Silk reeling was mentioned on a message board and below are my thoughts on it.
These movements are helpful for taichi but there's another take on the jins -- chousijin. It means pulling silk instead of reeling silk. Yang style uses more pulling and Chen uses more reeling. The pulling silk doesn't use overt winding in expressing the powers so the moves look straighter. You usually start with either one of these and then advance to the other one. Just mentioning this because over the years i've seen Yang style get trashed as worthless because they aren't using obvious chousijin like Chen style in the clip.

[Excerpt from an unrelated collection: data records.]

Lemma that_target ma mp i b : (i < N)%nat ->
  that N Rb ordr (dev ma i (target_row ma i b)) (dev mp i (fun _ => 0)) i =
  lsum (filter (Rb i) (seq 0 N)) (fun j => lprice mp i j * b j - quad ma mp j (cyc (ordr j) i 1)).
Proof. intros Hi. apply lsum_ext. intros j Hj.
  destruct (affected_in_ordr i j Hi Hj) as [Hj' Hin].
  assert (Hr : Rb i j = true) by (apply filter_In in Hj; tauto).
  assert (n1 : cyc (ordr j) i 1 <> i) by (apply cyc_neq; auto using ordr_length; lia).
  assert (n2 : cyc (ordr j) i 2 <> i) by (apply cyc_neq; auto using ordr_length; lia).
  unfold lprice, quad. rewrite cyc_succ_succ, ahat_target by auto. cbv zeta. unfold dev.
  rewrite Nat.eqb_refl, (proj2 (Nat.eqb_neq _ _) n1), (proj2 (Nat.eqb_neq _ _) n2). ring. Qed.

Section Equilibrium.

Variables (A : nat -> R -> Prop) (u : nat -> (nat -> R) -> R) (ma mp : nat -> nat -> R).
Hypothesis Hu_local : forall i, (i < N)%nat -> forall a b : nat -> R,
  (forall k, (k < N)%nat -> Rb i k = true -> a k = b k) -> u i a = u i b.
Hypothesis HNE : is_NE N Rb ordr A u ma mp.

(* Deviating to the target proposal for any feasible b shows that the equilibrium
   outcome is feasible for i and bounds what i could gain by moving the actions to b. *)
Lemma ne_deviation_bound i b : (i < N)%nat -> A i (b i) ->
  A i (ahat N Rb ma i) /\
  - lsum (filter (Rb i) (seq 0 N)) (fun j => lprice mp i j * b j - quad ma mp j (cyc (ordr j) i 1))
    + u i b <= - that N Rb ordr ma mp i + u i (ahat N Rb ma).
Proof. intros Hi Hb. destruct HNE as [_ Hdev].
  specialize (Hdev i Hi (target_row ma i b) (fun _ => 0) (fun _ _ => Rle_refl 0)).
  rewrite that_target in Hdev by auto.
  assert (Hub : u i (ahat N Rb (dev ma i (target_row ma i b))) = u i b)
    by (apply Hu_local; auto using ahat_target).
  assert (HAb : A i (ahat N Rb (dev ma i (target_row ma i b)) i))
    by (rewrite ahat_target; auto).
  unfold uA in Hdev. rewrite Hub in Hdev.
  destruct (excluded_middle_informative _) as [_|]; [|contradiction].
  destruct (excluded_middle_informative _) as [Ha|]; [|contradiction].
  split; auto. Qed.

Lemma ne_price_taking i b : (i < N)%nat -> A i (b i) ->
  u i b - lsum (filter (Rb i) (seq 0 N)) (fun j => lprice mp i j * b j)
  <= u i (ahat N Rb ma) - lsum (filter (Rb i) (seq 0 N)) (fun j => lprice mp i j * ahat N Rb ma j).
Proof. intros Hi Hb. destruct (ne_deviation_bound i b Hi Hb) as [_ Hbound].
  rewrite that_decomp, !lsum_minus, lsum_plus in Hbound by auto.
  assert (0 <= lsum (filter (Rb i) (seq 0 N)) (fun j => quad ma mp j i)).
  { apply lsum_nonneg. intros j Hj. apply filter_In in Hj as [_ Hr].
    apply quad_nonneg; [apply (proj1 HNE), Hi|exact Hr]. }
  lra. Qed.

As for chansijin being a complete JM program, I doubt that. Sonnon et al. have actually added quite a bit of value to JM in two areas:
1. the RMAX stuff is organized and targeted at specific areas. You know what you're doing specifically for each joint and there's both a clear regression to easier exercises and a clear progression to harder, more sophisticated exercises. Sonnon has done a great job with this.

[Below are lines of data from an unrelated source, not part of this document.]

(* Symmetric 3x3 matrix of (the homogenization of) a polynomial q of degree <= 2:
   for q = A x^2 + 2B xy + C y^2 + 2D x + 2E y + F it is [[A,B,D],[B,C,E],[D,E,F]]. *)
Definition conic_matrix (K : fieldType) (q : {mpoly K[2]}) : 'M[K]_3 :=
  \matrix_(i < 3, j < 3)
    match split (i : 'I_(2 + 1)), split (j : 'I_(2 + 1)) with
    | inl i', inl j' => 2%:R^-1 * pev (mderiv i' (mderiv j' q)) 0
    | inl i', inr _  => 2%:R^-1 * pev (mderiv i' q) 0
    | inr _, inl j'  => 2%:R^-1 * pev (mderiv j' q) 0
    | inr _, inr _   => pev q 0
    end.

Definition conic_nonsingular (K : fieldType) (q : {mpoly K[2]}) : Prop :=
  \det (conic_matrix q) != 0.

(* Q is the second intersection point of the conic {X | q X = 0} with the line
   through P (a point of the conic) with direction v: the restriction of q to
   the line s |-> P + s v is a genuine quadratic k s (s - t) (both intersection
   points finite, line not contained in the conic), and Q = P + t v. *)
Definition second_point (K : fieldType) (q : {mpoly K[2]}) (P v Q : 'cV[K]_2)
  : Prop :=
  exists k t : K, [/\ k != 0, Q = P + t *: v &
                      forall s : K, pev q (P + s *: v) = k * s * (s - t)].

(* The conic of the pencil {C - lambda D = 0} through P (P not a base point):
   D(P) C - C(P) D = 0  (lambda = C(P)/D(P), lambda = oo allowed). *)
Definition pencil_conic (K : fieldType) (C D : {mpoly K[2]}) (P : 'cV[K]_2)
  : {mpoly K[2]} := pev D P *: C - pev C P *: D.

Definition not_base_point (K : fieldType) (C D : {mpoly K[2]}) (P : 'cV[K]_2)
  : Prop := ~ (pev C P = 0 /\ pev D P = 0).

Definition pencil_switch_fin (K : fieldType) (C D : {mpoly K[2]})
  (B P Q : 'cV[K]_2) : Prop :=
  [/\ not_base_point C D P,
      conic_nonsingular (pencil_conic C D P),
      pev (pencil_conic C D P) B != 0
    & second_point (pencil_conic C D P) P (P - B) Q].

(* B-switch of the pencil, for the point at infinity B = [v0 : v1 : 0]
   (v <> 0); lines through B are the lines with direction v.  B not on the
   conic is equivalent to k <> 0 in second_point (k = quadratic part at v). *)
Definition pencil_switch_inf (K : fieldType) (C D : {mpoly K[2]})
  (v P Q : 'cV[K]_2) : Prop :=
  [/\ not_base_point C D P,
      conic_nonsingular (pencil_conic C D P),
      v != 0
    & second_point (pencil_conic C D P) P v Q].

Section Objects.
Variable K : fieldType.
Variables (alpha beta a1 a2 a3 a4 a5 : K).

Definition ell : {mpoly K[2]} := alpha *: 'X_(0 : 'I_2) + beta *: 'X_(1 : 'I_2).

Definition Ham : {mpoly K[2]} :=
  (2%:R^-1 * a1) *: 'X_(0 : 'I_2) ^+ 2 + a2 *: ('X_(0 : 'I_2) * 'X_(1 : 'I_2))
  + (2%:R^-1 * a3) *: 'X_(1 : 'I_2) ^+ 2
  + a4 *: 'X_(0 : 'I_2) + a5 *: 'X_(1 : 'I_2).

Definition ham_field : vfield K := fun i =>
  if i == 0 :> nat then ell * mderiv (1 : 'I_2) Ham
  else - (ell * mderiv (0 : 'I_2) Ham).

Definition gamma1 : K := a2 ^+ 2 - a1 * a3.
Definition gamma2 : K := a3 * a4 ^+ 2 + a1 * a5 ^+ 2 - 2%:R * a2 * a4 * a5.

Definition Cpol : {mpoly K[2]} := Ham - (2%:R^-1 * gamma2) *: ell ^+ 2.
Definition Dpol : {mpoly K[2]} := 1 - gamma1 *: ell ^+ 2.

Definition rho_den : K :=
  beta ^+ 2 * a1 - 2%:R * alpha * beta * a2 + alpha ^+ 2 * a3.
Definition rho : K := (1 + (beta * a4 - alpha * a5)) / rho_den.

(* B_0 = rho (-beta, alpha);  B_oo = [-beta : alpha : 0] (direction (-beta, alpha)) *)
Definition B0 : 'cV[K]_2 := rho *: pt2 (- beta) alpha.
Definition Binf_dir : 'cV[K]_2 := pt2 (- beta) alpha.

End Objects.

From Pilot Require Import Defs.
From HB Require Import structures.
From mathcomp Require Import all_boot all_algebra.
From mathcomp Require Import reals complex mpoly.
From mathcomp Require Import ring.
Import GRing.Theory Num.Theory.
Set Implicit Arguments. Unset Strict Implicit. Unset Printing Implicit Defensive.
Local Open Scope ring_scope.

2. Sonnon's system leads clearly from open to closed kinetic chain material. Sonnon takes the Intu-flow and moves it through a progression into Flowfit and then Prasara yoga, etc. Doing the closed kinetic chain movements that use the ground allow for a greater range of movement and more stretching as you get more advanced. Chinese systems rarely have this. When they do, it's almost always been taken from yoga.
Of the two, I find Sonnon's stuff more complete.
I did a ton of silk reeling in my training and found it vital to understanding CIMA. But it also has the limitations mentioned above. I actually am doing more of Sonnon's material now and getting more out of it. But maybe that's also because I already did silk reeling.